Ansiedade na infância: indícios explicados ao Dr. Kalil
A ansiedade na infância é um tema que exige atenção de pais e cuidadores. Especialistas explicam ao Dr. Kalil, no CNN Sinais Vitais deste sábado (29), às 19h30, que a maioria dos transtornos de ansiedade começa nos primeiros anos de vida. O psiquiatra Márcio Bernik, chefe do Ambulatório de Ansiedade do Hospital das Clínicas da USP, afirma que o quadro frequentemente surge como fobias. "Geralmente começam com fobias na infância. Depois isso evolui para quadros do tipo crise de pânico, geralmente na adolescência", disse.
Bernik ressalta que muitas fobias infantis são transitórias. "É normal quando a criança está começando a interagir com o mundo desenvolver medos, alguns até meio mágicos", explicou. Um certo grau de ansiedade integra os mecanismos de sobrevivência, ajudando a criança a evitar perigos. O transtorno de pânico, embora menos comum, chama atenção pelo componente genético: cerca de 70% da variância relacionada à chance de ocorrência é hereditária. "Quem vai ter pânico são os filhos dos nossos pacientes com pânico", afirmou, classificando-o como um dos mais geneticamente determinados em psiquiatria, ao lado do transtorno bipolar.

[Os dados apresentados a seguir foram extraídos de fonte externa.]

Lemma osc_edge_terms_small a t eps : 0 < t -> 0 < eps -> ex_RInt (osc a m t chi E) 0 (2 * z0) ->
  exists b, z0 < b < 2 * z0 /\
    Rabs (osc_primitive a m t chi D1 E E1 b) + Rabs (RInt (osc a m t chi E) b (2 * z0)) <= eps.
Proof.
  intros ht heps hI.
  set (Kc := K / t + 2 * K * c_phase / (z0 ^ 2 * t ^ 2)).
  assert (hKc : 0 <= Kc).
  { pose proof c_phase_nonneg as hphase.
    assert (0 < / t) by (apply Rinv_0_lt_compat; lra).
    assert (0 < / (z0 ^ 2 * t ^ 2)) by (apply Rinv_0_lt_compat, Rmult_lt_0_compat; apply pow_lt; lra).
    unfold Kc, Rdiv. apply Rplus_le_le_0_compat; repeat apply Rmult_le_pos; lra. }
  set (eta := eps / (4 * (Kc + 1))).
  assert (heta : 0 < eta) by (apply Rdiv_lt_0_compat; lra).
  destruct (continuity_pt_small_near chi (2 * z0) eta
    (is_derive_continuity_pt _ _ _ (chi_derive _)) chi_edge heta) as [r1 [hr1 hchi]].
  destruct (continuity_pt_small_near D1 (2 * z0) eta
    (is_derive_continuity_pt _ _ _ (D1_derive _)) D1_edge heta) as [r2 [hr2 hD1]].
  pose proof c_amp_nonneg as hamp.
  set (r := Rmin (Rmin r1 r2) (Rmin z0 (eps / (2 * (c_amp + 1))))).
  assert (hr : 0 < r) by (apply Rmin_pos; apply Rmin_pos; try apply Rdiv_lt_0_compat; lra).
  assert (hr1' : r <= r1) by (eapply Rle_trans; apply Rmin_l).
  assert (hr2' : r <= r2) by (eapply Rle_trans; [apply Rmin_l | apply Rmin_r]).
  assert (hr3 : r <= z0) by (eapply Rle_trans; [apply Rmin_r | apply Rmin_l]).
  assert (hr4 : r <= eps / (2 * (c_amp + 1))) by (eapply Rle_trans; apply Rmin_r).
  set (b := 2 * z0 - r / 2). exists b. split; [unfold b; lra|].
  assert (hcb : Rabs (chi b) < eta) by (apply hchi; unfold b; rewrite Rabs_left1; lra).
  assert (hDb : Rabs (D1 b) < eta) by (apply hD1; unfold b; rewrite Rabs_left1; lra).
  assert (hB : Rabs (osc_primitive a m t chi D1 E E1 b) <= eps / 2).
  { eapply Rle_trans; [apply osc_primitive_abs_le_edge; unfold b; lra|]. fold Kc.
    apply Rle_trans with ((2 * eta) * Kc); [apply Rmult_le_compat_r; lra|].
    unfold eta. apply Rmult_le_reg_r with (4 * (Kc + 1)); [lra|]. field_simplify; nra. }
  assert (hT : Rabs (RInt (osc a m t chi E) b (2 * z0)) <= eps / 2).
  { eapply Rle_trans.
    - apply osc_RInt_tail_le; [unfold b; lra|].
      apply (ex_RInt_Chasles_2 (V := R_CompleteNormedModule) _ 0); [unfold b; lra | exact hI].
    - replace (2 * z0 - b) with (r / 2) by (unfold b; ring).
      apply Rle_trans with (eps / (2 * (c_amp + 1)) / 2 * c_amp); [apply Rmult_le_compat_r; lra|].
      apply Rmult_le_reg_r with (4 * (c_amp + 1)); [lra|]. field_simplify; nra. }
  lra.
Qed.

Lemma osc_RInt_split_le a t d : 0 < t -> 0 < d <= z0 ->
  ex_RInt (osc a m t chi E) 0 (2 * z0) ->
  Rabs (RInt (osc a m t chi E) 0 (2 * z0)) <=
  d * (c_amp * (d * ilog d ^ 2)) + M0 * K * ilog d ^ 2 / t
  + ((M1 + 2 * M0) * K * c_phase + c_ibp) * (ilog d ^ 3 / d ^ 2) / t ^ 2.
Proof.
  intros ht hd hI. set (f := osc a m t chi E). set (B := osc_primitive a m t chi D1 E E1).
  apply Rle_plus_epsilon. intros eps heps.
  destruct (osc_edge_terms_small a t eps ht heps hI) as [b [hb hrem]]. fold f B in hrem.
  assert (hI0d : ex_RInt f 0 d)
    by (apply (ex_RInt_Chasles_1 (V := R_CompleteNormedModule)) with (2 * z0); [lra | exact hI]).
  assert (hId2 : ex_RInt f d (2 * z0))
    by (apply (ex_RInt_Chasles_2 (V := R_CompleteNormedModule)) with 0; [lra | exact hI]).
  assert (hIdb : ex_RInt f d b)
    by (apply (ex_RInt_Chasles_1 (V := R_CompleteNormedModule)) with (2 * z0); [lra | exact hId2]).
  assert (hIb2 : ex_RInt f b (2 * z0))
    by (apply (ex_RInt_Chasles_2 (V := R_CompleteNormedModule)) with d; [lra | exact hId2]).
  assert (hsplit : RInt f 0 (2 * z0) =
    RInt f 0 d + (RInt f d b - B b + B d) - B d + (B b + RInt f b (2 * z0))).
  { pose proof (RInt_Chasles f 0 d (2 * z0) hI0d hId2) as e1.
    pose proof (RInt_Chasles f d b (2 * z0) hIdb hIb2) as e2.
    unfold plus in e1, e2. simpl in e1, e2. lra. }
  pose proof (osc_RInt_head_le a t d ltac:(lra) hI0d) as hnear.
  pose proof (osc_RInt_ibp_le a t d b ht ltac:(lra) ltac:(lra)) as hmid.
  fold f B in hnear, hmid.
  assert (hleft : Rabs (B d) <= M0 * K * ilog d ^ 2 / t
                                 + (M1 + 2 * M0) * K * c_phase * (ilog d ^ 3 / d ^ 2) / t ^ 2).
  { eapply Rle_trans; [apply osc_primitive_abs_le; lra|].
    destruct (chi_bounds d ltac:(lra)) as [hc0 [hc1 _]].
    assert (hX : 0 <= K * ilog d ^ 2 / t).
    { unfold Rdiv. apply Rmult_le_pos; [nra | apply Rlt_le, Rinv_0_lt_compat; lra]. }
    assert (hY : 0 <= K * c_phase * (ilog d ^ 3 / d ^ 2) / t ^ 2).
    { destruct (small_z_bounds d ltac:(lra)) as [[hv _] _]. pose proof c_phase_nonneg.
      unfold Rdiv. repeat apply Rmult_le_pos; try apply pow_le; try lra;
        apply Rlt_le, Rinv_0_lt_compat, pow_lt; lra. }
    unfold Rdiv in *. nra. }
  assert (htri : forall w x y z, Rabs (w + x - y + z) <= Rabs w + Rabs x + Rabs y + Rabs z).
  { intros w x y z. unfold Rabs. repeat destruct Rcase_abs; lra. }
  pose proof (Rabs_triang (B b) (RInt f b (2 * z0))).
  rewrite hsplit. eapply Rle_trans; [apply htri|]. lra.
Qed.

Lemma osc_RInt_decay_large_t a t : / z0 ^ 2 <= t -> ex_RInt (osc a m t chi E) 0 (2 * z0) ->
  Rabs (RInt (osc a m t chi E) 0 (2 * z0)) <= 4 * c_decay / (t * ln t ^ 2).
Proof.
  intros ht hI.
  assert (ht0 : 0 < t) by (eapply Rlt_le_trans; [apply Rinv_0_lt_compat, pow_lt|]; eauto).
  set (s := sqrt t). assert (hs : 0 < s) by (apply sqrt_lt_R0; lra).
  assert (hss : s * s = t) by (apply sqrt_sqrt; lra).
  set (d := / s). assert (hd0 : 0 < d) by (apply Rinv_0_lt_compat; lra).
  assert (hdd : d * d = / t) by (unfold d; rewrite <- hss; field; lra).
  assert (hd : d <= z0).
  { assert (d * d <= z0 * z0).
    { rewrite hdd. replace (z0 * z0) with (/ / z0 ^ 2) by (field; lra).
      apply Rinv_le_contravar; [apply Rinv_0_lt_compat, pow_lt|]; lra. }
    nra. }
  pose proof (osc_RInt_split_le a t d ht0 (conj hd0 hd) hI) as h.
  destruct (small_z_bounds d ltac:(lra)) as [[hv hv3] _].
  set (v := ilog d) in *.
  assert (hlt : ln t = 2 / v).
  { unfold v, ilog, d. rewrite ln_Rinv, Ropp_involutive, <- hss, ln_mult by lra.
    assert (0 < ln s) by (unfold v, ilog, d in hv; rewrite ln_Rinv, Ropp_involutive in hv by lra;
                          apply Rinv_0_lt_compat in hv; rewrite Rinv_inv in hv; exact hv).
    field. lra. }
  eapply Rle_trans; [exact h|].
  rewrite hlt. replace (4 * c_decay / (t * (2 / v) ^ 2)) with (c_decay * v ^ 2 / t) by (field; lra).
  apply Rle_trans with (((c_amp + M0 * K) * v ^ 2 + ((M1 + 2 * M0) * K * c_phase + c_ibp) * v ^ 3) / t).
  - right. unfold d. rewrite <- hss. field. lra.
  - unfold c_decay, Rdiv. apply Rmult_le_compat_r; [apply Rlt_le, Rinv_0_lt_compat; lra|].
    destruct chi_bounds_nonneg as [hM0 [hM1 _]]. pose proof c_ibp_nonneg. pose proof c_phase_nonneg.
    assert (0 <= (M1 + 2 * M0) * K * c_phase + c_ibp) by (apply Rplus_le_le_0_compat; [repeat apply Rmult_le_pos|]; lra).
    assert (v ^ 3 <= v ^ 2) by nra.
    nra.
Qed.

Para ilustrar a prevalência, Bernik relatou que, em um mês, ele e um pós-graduando identificaram 140 pacientes em um pronto-socorro com sensação de morte iminente e eletrocardiograma normal, sinal clássico do pânico. A neuropsicóloga Maria Alice Fontes descreveu o padrão de pensamento ansioso como focado no pior desfecho, com pensamento "tudo ou nada". "Ela começa a ser consumida por esses pensamentos negativos de algo ruim que vai acontecer", explicou. Isso gera sintomas físicos como taquicardia, sudorese e fuga de pensamentos, comprometendo a rotina e a qualidade de vida.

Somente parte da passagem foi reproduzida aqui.